(* Let $(x_0,y_0)\in\{(\tfrac{\pi}{4},-\tfrac{3\pi}{4}),\,(\tfrac{3\pi}{4},-\tfrac{\pi}{4})\}$ and let $U\subset\mathbb{R}^2$ be an open neighborhood of $(x_0,y_0)$. Let $\mathcal{A},\mathcal{B}:U\to[-1,1]$ be functions that are differentiable at $(x_0,y_0)$ and satisfy $\mathcal{A}(x_0,y_0)=\mathcal{B}(x_0,y_0)=0$ and $\nabla(\mathcal{A}-\mathcal{B})(x_0,y_0)\neq 0$ (i.e. $(x_0,y_0)$ is not a critical point of $\mathcal{A}-\mathcal{B}$). For $(x,y)\in\mathbb{R}^2$ put $C(x,y)=-\cos(x-y)$. Then there exist real numbers $\mu\neq 0$, $\nu\neq 0$ and $\epsilon_0>0$ such that for every $\epsilon\in(0,\epsilon_0)$, at the point $(x,y)=(x_0+\mu\epsilon,\,y_0+\nu\epsilon)$ at least one of the two inequalities $$|C(x,y)+\mathcal{A}(x,y)|+|\mathcal{B}(x,y)-C(x,y)|\le 2,\qquad |C(x,y)-\mathcal{A}(x,y)|+|\mathcal{B}(x,y)+C(x,y)|\le 2$$ is false.
   Context: Physical interpretation (not needed for the mathematics): $(x,y)=(\theta_{\bm a},\theta_{\bm b})$ parametrizes quadruplets of measurement directions in a plane with $\theta_{\bm a'}=-\theta_{\bm a}$, $\theta_{\bm b'}=-\theta_{\bm b}$; $C$ is the quantum correlation $\langle a,b\rangle=\langle a',b'\rangle=-\cos(\theta_{\bm a}-\theta_{\bm b})$, $\mathcal{A}=\langle a,a'\rangle$, $\mathcal{B}=\langle b,b'\rangle$, and the two displayed inequalities are the ''Boole inequalities'' $|\langle a,b\rangle\pm\langle a,a'\rangle|+|\langle b',b\rangle\mp\langle b',a'\rangle|\le 2$, which hold for correlations of $\{-1,1\}$-valued sequences. The conclusion thus says that these assumptions on $\mathcal{A},\mathcal{B}$ are incompatible with the Boole inequalities. *)

From Stdlib Require Import Reals.
Open Scope R_scope.

Definition open2 (U : R -> R -> Prop) : Prop :=
  forall x y, U x y -> exists r, 0 < r /\
    forall x' y', Rabs (x' - x) < r -> Rabs (y' - y) < r -> U x' y'.

Definition has_grad_at (U : R -> R -> Prop) (f : R -> R -> R) (x0 y0 a b : R) : Prop :=
  forall eps, 0 < eps -> exists delta, 0 < delta /\
    forall x y, U x y -> Rabs (x - x0) < delta -> Rabs (y - y0) < delta ->
      Rabs (f x y - f x0 y0 - (a * (x - x0) + b * (y - y0)))
        <= eps * (Rabs (x - x0) + Rabs (y - y0)).

Definition Ccorr (x y : R) : R := - cos (x - y).

From Stdlib Require Import Reals Lra.
Open Scope R_scope.

(* Both base points satisfy x0 - y0 = PI, so near them
   C(x0+u, y0+v) = cos (u - v) is 1 up to a quadratic error.  Choosing the
   direction (mu, nu) = (1, nu) with nu in {1, 2} so that the directional
   derivative D of A - B is nonzero, |A - B| grows linearly, like |D| eps / 2,
   while 2 - 2C is at most eps^2.  A purely algebraic fact then finishes:
   whenever |a - b| > 2 - 2c, one of the two Boole sums exceeds 2. *)

Lemma cos_quadratic_lower (t : R) : -1 <= t <= 1 -> 1 - t * t / 2 <= cos t.
Proof.
  intros Ht.
  assert (Hpi : 1 < PI / 2) by exact PI2_1.
  destruct (cos_bound t 0 ltac:(lra) ltac:(lra)) as [Hcos _].
  unfold cos_approx, cos_term in Hcos; simpl in Hcos.
  lra.
Qed.

Lemma Ccorr_antipodal (x0 y0 u v : R) :
  x0 - y0 = PI -> Ccorr (x0 + u) (y0 + v) = cos (u - v).
Proof.
  intros Hd; unfold Ccorr.
  replace (x0 + u - (y0 + v)) with (u - v + PI) by lra.
  rewrite neg_cos; ring.
Qed.

(* Algebraic core: if a and b differ by more than 2 - 2c, then one of the two
   Boole inequalities fails (take the sign of a - b). *)
Lemma boole_violation (a b c : R) :
  2 - 2 * c < Rabs (a - b) ->
  ~ (Rabs (c + a) + Rabs (b - c) <= 2) \/ ~ (Rabs (c - a) + Rabs (b + c) <= 2).
Proof.
  intros Hgap.
  pose proof (Rle_abs (c + a)); pose proof (Rle_abs (c - a)).
  pose proof (Rle_abs (b + c)); pose proof (Rle_abs (- (b - c))).
  rewrite Rabs_Ropp in *.
  destruct (Rcase_abs (a - b)) as [Hneg | Hpos].
  - rewrite Rabs_left in Hgap by exact Hneg; right; lra.
  - rewrite Rabs_right in Hgap by exact Hpos; left; lra.
Qed.

Lemma has_grad_at_sub (U : R -> R -> Prop) (f g : R -> R -> R) (x0 y0 af bf ag bg : R) :
  has_grad_at U f x0 y0 af bf -> has_grad_at U g x0 y0 ag bg ->
  has_grad_at U (fun x y => f x y - g x y) x0 y0 (af - ag) (bf - bg).
Proof.
  intros Hf Hg eps Heps.
  destruct (Hf (eps / 2)) as [df [Hdf Hestf]]; [lra |].
  destruct (Hg (eps / 2)) as [dg [Hdg Hestg]]; [lra |].
  exists (Rmin df dg); split; [now apply Rmin_pos |].
  intros x y HU Hx Hy.
  pose proof (Rmin_l df dg); pose proof (Rmin_r df dg).
  specialize (Hestf x y HU ltac:(lra) ltac:(lra)).
  specialize (Hestg x y HU ltac:(lra) ltac:(lra)).
  replace (f x y - g x y - (f x0 y0 - g x0 y0) - ((af - ag) * (x - x0) + (bf - bg) * (y - y0)))
    with ((f x y - f x0 y0 - (af * (x - x0) + bf * (y - y0)))
          - (g x y - g x0 y0 - (ag * (x - x0) + bg * (y - y0)))) by ring.
  eapply Rle_trans; [apply Rabs_triang |].
  rewrite Rabs_Ropp; lra.
Qed.

Lemma has_grad_at_directional_lower (U : R -> R -> Prop) (h : R -> R -> R)
  (x0 y0 a b mu nu : R) :
  has_grad_at U h x0 y0 a b -> h x0 y0 = 0 -> a * mu + b * nu <> 0 ->
  exists e1, 0 < e1 /\ forall eps, 0 < eps < e1 ->
    U (x0 + mu * eps) (y0 + nu * eps) ->
    Rabs (a * mu + b * nu) * eps / 2 <= Rabs (h (x0 + mu * eps) (y0 + nu * eps)).
Proof.
  intros Hgrad Hh0 HD.
  set (D := a * mu + b * nu) in *.
  set (S := Rabs mu + Rabs nu).
  assert (HDpos : 0 < Rabs D) by (apply Rabs_pos_lt; exact HD).
  pose proof (Rabs_pos mu); pose proof (Rabs_pos nu).
  assert (HSpos : 0 < S).
  { destruct (Req_dec mu 0) as [Hmu | Hmu].
    - assert (Hnu : nu <> 0) by (intro; apply HD; unfold D; subst; ring).
      pose proof (Rabs_pos_lt nu Hnu); unfold S; lra.
    - pose proof (Rabs_pos_lt mu Hmu); unfold S; lra. }
  destruct (Hgrad (Rabs D / (2 * S))) as [delta [Hdelta Hest]].
  { apply Rdiv_lt_0_compat; lra. }
  exists (delta / S); split; [apply Rdiv_lt_0_compat; lra |].
  intros eps [Heps Hepsd] HU.
  assert (Hdx : Rabs (mu * eps) = Rabs mu * eps) by (rewrite Rabs_mult, (Rabs_right eps); lra).
  assert (Hdy : Rabs (nu * eps) = Rabs nu * eps) by (rewrite Rabs_mult, (Rabs_right eps); lra).
  assert (HDeps : Rabs (D * eps) = Rabs D * eps) by (rewrite Rabs_mult, (Rabs_right eps); lra).
  assert (HSeps : S * eps < delta).
  { replace delta with (S * (delta / S)) by (field; lra).
    apply Rmult_lt_compat_l; lra. }
  specialize (Hest _ _ HU).
  replace (x0 + mu * eps - x0) with (mu * eps) in Hest by ring.
  replace (y0 + nu * eps - y0) with (nu * eps) in Hest by ring.
  rewrite Hdx, Hdy, Hh0 in Hest.
  specialize (Hest ltac:(unfold S in *; nra) ltac:(unfold S in *; nra)).
  set (p := h (x0 + mu * eps) (y0 + nu * eps)) in *.
  replace (Rabs D / (2 * S) * (Rabs mu * eps + Rabs nu * eps)) with (Rabs D * eps / 2)
    in Hest by (unfold S in *; field; lra).
  replace (p - 0 - (a * (mu * eps) + b * (nu * eps))) with (- (D * eps - p))
    in Hest by (unfold D; ring).
  rewrite Rabs_Ropp in Hest.
  pose proof (Rabs_triang_inv (D * eps) (D * eps - p)) as Htri.
  replace (D * eps - (D * eps - p)) with p in Htri by ring.
  lra.
Qed.

Lemma open2_segment (U : R -> R -> Prop) (x0 y0 mu nu : R) :
  open2 U -> U x0 y0 ->
  exists e2, 0 < e2 /\ forall eps, 0 < eps < e2 -> U (x0 + mu * eps) (y0 + nu * eps).
Proof.
  intros Hopen HU.
  destruct (Hopen x0 y0 HU) as [r [Hr Hball]].
  set (S := Rabs mu + Rabs nu + 1).
  pose proof (Rabs_pos mu); pose proof (Rabs_pos nu).
  exists (r / S); split; [apply Rdiv_lt_0_compat; unfold S; lra |].
  intros eps [Heps Hepsr].
  assert (HSeps : S * eps < r).
  { replace r with (S * (r / S)) by (unfold S; field; lra).
    apply Rmult_lt_compat_l; [unfold S; lra | exact Hepsr]. }
  assert (0 <= Rabs mu * eps) by (apply Rmult_le_pos; lra).
  assert (0 <= Rabs nu * eps) by (apply Rmult_le_pos; lra).
  unfold S in HSeps.
  apply Hball.
  - replace (x0 + mu * eps - x0) with (mu * eps) by ring.
    rewrite Rabs_mult, (Rabs_right eps) by lra; lra.
  - replace (y0 + nu * eps - y0) with (nu * eps) by ring.
    rewrite Rabs_mult, (Rabs_right eps) by lra; lra.
Qed.

Lemma nonzero_direction (a b : R) :
  a <> 0 \/ b <> 0 -> exists nu, (nu = 1 \/ nu = 2) /\ a + nu * b <> 0.
Proof.
  intros Hab.
  destruct (Req_dec (a + b) 0) as [Hsum | Hsum].
  - exists 2; split; [now right | lra].
  - exists 1; split; [now left | lra].
Qed.

Theorem claim2 (x0 y0 : R) (U : R -> R -> Prop) (A B : R -> R -> R)
  (aA bA aB bB : R) :
  ((x0 = PI / 4 /\ y0 = - (3 * PI / 4)) \/ (x0 = 3 * PI / 4 /\ y0 = - (PI / 4))) ->
  open2 U -> U x0 y0 ->
  (forall x y, U x y -> -1 <= A x y <= 1 /\ -1 <= B x y <= 1) ->
  has_grad_at U A x0 y0 aA bA ->
  has_grad_at U B x0 y0 aB bB ->
  A x0 y0 = 0 -> B x0 y0 = 0 ->
  (aA - aB <> 0 \/ bA - bB <> 0) ->
  exists mu nu eps0, mu <> 0 /\ nu <> 0 /\ 0 < eps0 /\
    forall eps, 0 < eps < eps0 ->
      let x := x0 + mu * eps in
      let y := y0 + nu * eps in
      U x y /\
      (~ (Rabs (Ccorr x y + A x y) + Rabs (B x y - Ccorr x y) <= 2) \/
       ~ (Rabs (Ccorr x y - A x y) + Rabs (B x y + Ccorr x y) <= 2)).
Proof.
  intros Hpt Hopen HU _ HgA HgB HA0 HB0 Hgrad.
  assert (Hanti : x0 - y0 = PI) by (destruct Hpt as [[-> ->] | [-> ->]]; field).
  destruct (nonzero_direction _ _ Hgrad) as [nu [Hnu HD]].
  set (D := (aA - aB) * 1 + (bA - bB) * nu).
  assert (HDpos : 0 < Rabs D) by (apply Rabs_pos_lt; unfold D; lra).
  destruct (has_grad_at_directional_lower U _ x0 y0 _ _ 1 nu
              (has_grad_at_sub _ _ _ _ _ _ _ _ _ HgA HgB) ltac:(lra) ltac:(lra))
    as [e1 [He1 Hlower]].
  destruct (open2_segment U x0 y0 1 nu Hopen HU) as [e2 [He2 Hseg]].
  (* eps < 1 keeps cos in its quadratic regime, eps < |D| / 2 makes the
     linear growth of |A - B| beat the quadratic defect of C. *)
  exists 1, nu, (Rmin (Rmin e1 e2) (Rmin (Rabs D / 2) 1)).
  split; [lra |]; split; [lra |]; split; [repeat apply Rmin_pos; lra |].
  intros eps Heps x y.
  pose proof (Rmin_l (Rmin e1 e2) (Rmin (Rabs D / 2) 1)).
  pose proof (Rmin_r (Rmin e1 e2) (Rmin (Rabs D / 2) 1)).
  pose proof (Rmin_l e1 e2); pose proof (Rmin_r e1 e2).
  pose proof (Rmin_l (Rabs D / 2) 1); pose proof (Rmin_r (Rabs D / 2) 1).
  assert (HUxy : U x y) by (apply Hseg; lra).
  split; [exact HUxy |].
  assert (Hgap : Rabs D * eps / 2 <= Rabs (A x y - B x y)) by (apply Hlower; [lra | exact HUxy]).
  assert (HC : 1 - eps * eps / 2 <= Ccorr x y).
  { unfold x, y; rewrite (Ccorr_antipodal _ _ _ _ Hanti).
    eapply Rle_trans; [| apply cos_quadratic_lower; destruct Hnu as [-> | ->]; lra].
    destruct Hnu as [-> | ->]; nra. }
  apply boole_violation; nra.
Qed.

++++++++

Aim of the task: You are asked to count the lines of the records above in which the word "inequalities" occurs, and to give only that number.

Solution to this task: 3